* _What the task asks_:
Print all the records below, word for word and in full.

::::::

(* Let $n,k\ge1$ and $\theta>0$. Let $r_1,\dots,r_k$ be nonnegative integers with $r:=\sum_{i=1}^k r_i\le n$ and $\kappa:=\sum_{i=1}^k ir_i\le k$. Then $$\mathbf E\left[\prod_{i=1}^k\{A_{n,k}(i)\}_{r_i}\right]=\{n\}_r\{k\}_\kappa\,\frac{\sigma_{k-\kappa}((n-r)\theta)}{\sigma_k(n\theta)}\prod_{i=1}^k\left(\frac{\sigma_i(\theta)}{i!}\right)^{r_i}.$$
   Context: Let $(\phi_m)_{m\ge1}$ be nonnegative reals with $\phi_1>0$ such that $\phi(x)=\sum_{m\ge1}\phi_m x^m/m!$ has positive radius of convergence. For $\theta>0$ define the polynomials $\sigma_k(\theta)$ by $e^{\theta\phi(x)}=1+\sum_{k\ge1}\sigma_k(\theta)x^k/k!$, with $\sigma_0\equiv1$. For integers $n,k\ge1$, let $\mathbf K_{n,k}=(K_{n,k}(1),\dots,K_{n,k}(n))$ be a random vector in $\mathbb N_0^n$ with $$\mathbf P(\mathbf K_{n,k}=(k_1,\dots,k_n))=\frac{k!}{\sigma_k(n\theta)}\prod_{m=1}^n\frac{\sigma_{k_m}(\theta)}{k_m!}\quad\text{for } k_1+\dots+k_n=k.$$ For $i=0,\dots,k$ let $A_{n,k}(i):=\#\{m:K_{n,k}(m)=i\}$. The falling factorial is $\{a\}_l=a(a-1)\cdots(a-l+1)$, with $\{a\}_0=1$. *)

From HB Require Import structures.
From mathcomp Require Import all_boot all_order all_algebra.
From mathcomp Require Import all_classical all_reals all_analysis.
Set Implicit Arguments. Unset Strict Implicit. Unset Printing Implicit Defensive.
Import Order.TTheory GRing.Theory Num.Theory numFieldNormedType.Exports.
Local Open Scope ring_scope.

Section Defs.
Variable R : realType.
(* phi : nat -> R, with phi m = phi_m for m >= 1 (phi 0 is ignored). *)
Variable phi : nat -> R.

Definition phi_term (x : R) (m : nat) : R :=
  if m is 0 then 0 else phi m * x ^+ m / (m`!)%:R.

Definition phi_pos_radius : Prop :=
  exists2 x : R, 0 < x & cvgn (series (phi_term x)).

Definition phi_poly (k : nat) : {poly R} :=
  \poly_(i < k.+1) (if i is 0 then 0 else phi i / (i`!)%:R).

(* sigma_k(theta) = k! [x^k] exp(theta phi(x))
                  = k! sum_{j=0}^{k} theta^j/j! [x^k] phi(x)^j
   (formal power series coefficient; phi has no constant term, so only
    j <= k contribute and truncating phi at degree k does not change [x^k]) *)
Definition sigma (k : nat) (theta : R) : R :=
  (k`!)%:R * \sum_(j < k.+1) theta ^+ j / (j`!)%:R * ((phi_poly k) ^+ j)`_k.

(* P(K_{n,k} = v), for v = (k_1,...,k_n) with k_1 + ... + k_n = k *)
Definition probK (n k : nat) (theta : R) (v : {ffun 'I_n -> 'I_k.+1}) : R :=
  (k`!)%:R / sigma k (n%:R * theta) *
  \prod_(m < n) (sigma (v m) theta / ((v m)`!)%:R).

(* the support: vectors in N_0^n summing to k (entries are automatically <= k) *)
Definition supportK (n k : nat) (v : {ffun 'I_n -> 'I_k.+1}) : bool :=
  (\sum_(m < n) (v m : nat))%N == k.

Definition A_of (n k : nat) (v : {ffun 'I_n -> 'I_k.+1}) (i : nat) : nat :=
  #|[set m : 'I_n | (v m : nat) == i]|.

Definition EK (n k : nat) (theta : R) (f : {ffun 'I_n -> 'I_k.+1} -> R) : R :=
  \sum_(v : {ffun 'I_n -> 'I_k.+1} | supportK v) probK theta v * f v.

End Defs.

From HB Require Import structures.
From mathcomp Require Import all_boot all_order all_algebra.
From mathcomp Require Import all_classical all_reals all_analysis.
From mathcomp Require Import ring zify.
Set Implicit Arguments. Unset Strict Implicit. Unset Printing Implicit Defensive.
Import Order.TTheory GRing.Theory Num.Theory.
Local Open Scope ring_scope.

::::::

* _Task response_:
(* Let $n,k\ge1$ and $\theta>0$. Let $r_1,\dots,r_k$ be nonnegative integers with $r:=\sum_{i=1}^k r_i\le n$ and $\kappa:=\sum_{i=1}^k ir_i\le k$. Then $$\mathbf E\left[\prod_{i=1}^k\{A_{n,k}(i)\}_{r_i}\right]=\{n\}_r\{k\}_\kappa\,\frac{\sigma_{k-\kappa}((n-r)\theta)}{\sigma_k(n\theta)}\prod_{i=1}^k\left(\frac{\sigma_i(\theta)}{i!}\right)^{r_i}.$$
   Context: Let $(\phi_m)_{m\ge1}$ be nonnegative reals with $\phi_1>0$ such that $\phi(x)=\sum_{m\ge1}\phi_m x^m/m!$ has positive radius of convergence. For $\theta>0$ define the polynomials $\sigma_k(\theta)$ by $e^{\theta\phi(x)}=1+\sum_{k\ge1}\sigma_k(\theta)x^k/k!$, with $\sigma_0\equiv1$. For integers $n,k\ge1$, let $\mathbf K_{n,k}=(K_{n,k}(1),\dots,K_{n,k}(n))$ be a random vector in $\mathbb N_0^n$ with $$\mathbf P(\mathbf K_{n,k}=(k_1,\dots,k_n))=\frac{k!}{\sigma_k(n\theta)}\prod_{m=1}^n\frac{\sigma_{k_m}(\theta)}{k_m!}\quad\text{for } k_1+\dots+k_n=k.$$ For $i=0,\dots,k$ let $A_{n,k}(i):=\#\{m:K_{n,k}(m)=i\}$. The falling factorial is $\{a\}_l=a(a-1)\cdots(a-l+1)$, with $\{a\}_0=1$. *)

From HB Require Import structures.
From mathcomp Require Import all_boot all_order all_algebra.
From mathcomp Require Import all_classical all_reals all_analysis.
Set Implicit Arguments. Unset Strict Implicit. Unset Printing Implicit Defensive.
Import Order.TTheory GRing.Theory Num.Theory numFieldNormedType.Exports.
Local Open Scope ring_scope.

Section Defs.
Variable R : realType.
(* phi : nat -> R, with phi m = phi_m for m >= 1 (phi 0 is ignored). *)
Variable phi : nat -> R.

Definition phi_term (x : R) (m : nat) : R :=
  if m is 0 then 0 else phi m * x ^+ m / (m`!)%:R.

Definition phi_pos_radius : Prop :=
  exists2 x : R, 0 < x & cvgn (series (phi_term x)).

Definition phi_poly (k : nat) : {poly R} :=
  \poly_(i < k.+1) (if i is 0 then 0 else phi i / (i`!)%:R).

(* sigma_k(theta) = k! [x^k] exp(theta phi(x))
                  = k! sum_{j=0}^{k} theta^j/j! [x^k] phi(x)^j
   (formal power series coefficient; phi has no constant term, so only
    j <= k contribute and truncating phi at degree k does not change [x^k]) *)
Definition sigma (k : nat) (theta : R) : R :=
  (k`!)%:R * \sum_(j < k.+1) theta ^+ j / (j`!)%:R * ((phi_poly k) ^+ j)`_k.

(* P(K_{n,k} = v), for v = (k_1,...,k_n) with k_1 + ... + k_n = k *)
Definition probK (n k : nat) (theta : R) (v : {ffun 'I_n -> 'I_k.+1}) : R :=
  (k`!)%:R / sigma k (n%:R * theta) *
  \prod_(m < n) (sigma (v m) theta / ((v m)`!)%:R).

(* the support: vectors in N_0^n summing to k (entries are automatically <= k) *)
Definition supportK (n k : nat) (v : {ffun 'I_n -> 'I_k.+1}) : bool :=
  (\sum_(m < n) (v m : nat))%N == k.

Definition A_of (n k : nat) (v : {ffun 'I_n -> 'I_k.+1}) (i : nat) : nat :=
  #|[set m : 'I_n | (v m : nat) == i]|.

Definition EK (n k : nat) (theta : R) (f : {ffun 'I_n -> 'I_k.+1} -> R) : R :=
  \sum_(v : {ffun 'I_n -> 'I_k.+1} | supportK v) probK theta v * f v.

End Defs.

From HB Require Import structures.
From mathcomp Require Import all_boot all_order all_algebra.
From mathcomp Require Import all_classical all_reals all_analysis.
From mathcomp Require Import ring zify.
Set Implicit Arguments. Unset Strict Implicit. Unset Printing Implicit Defensive.
Import Order.TTheory GRing.Theory Num.Theory.
Local Open Scope ring_scope.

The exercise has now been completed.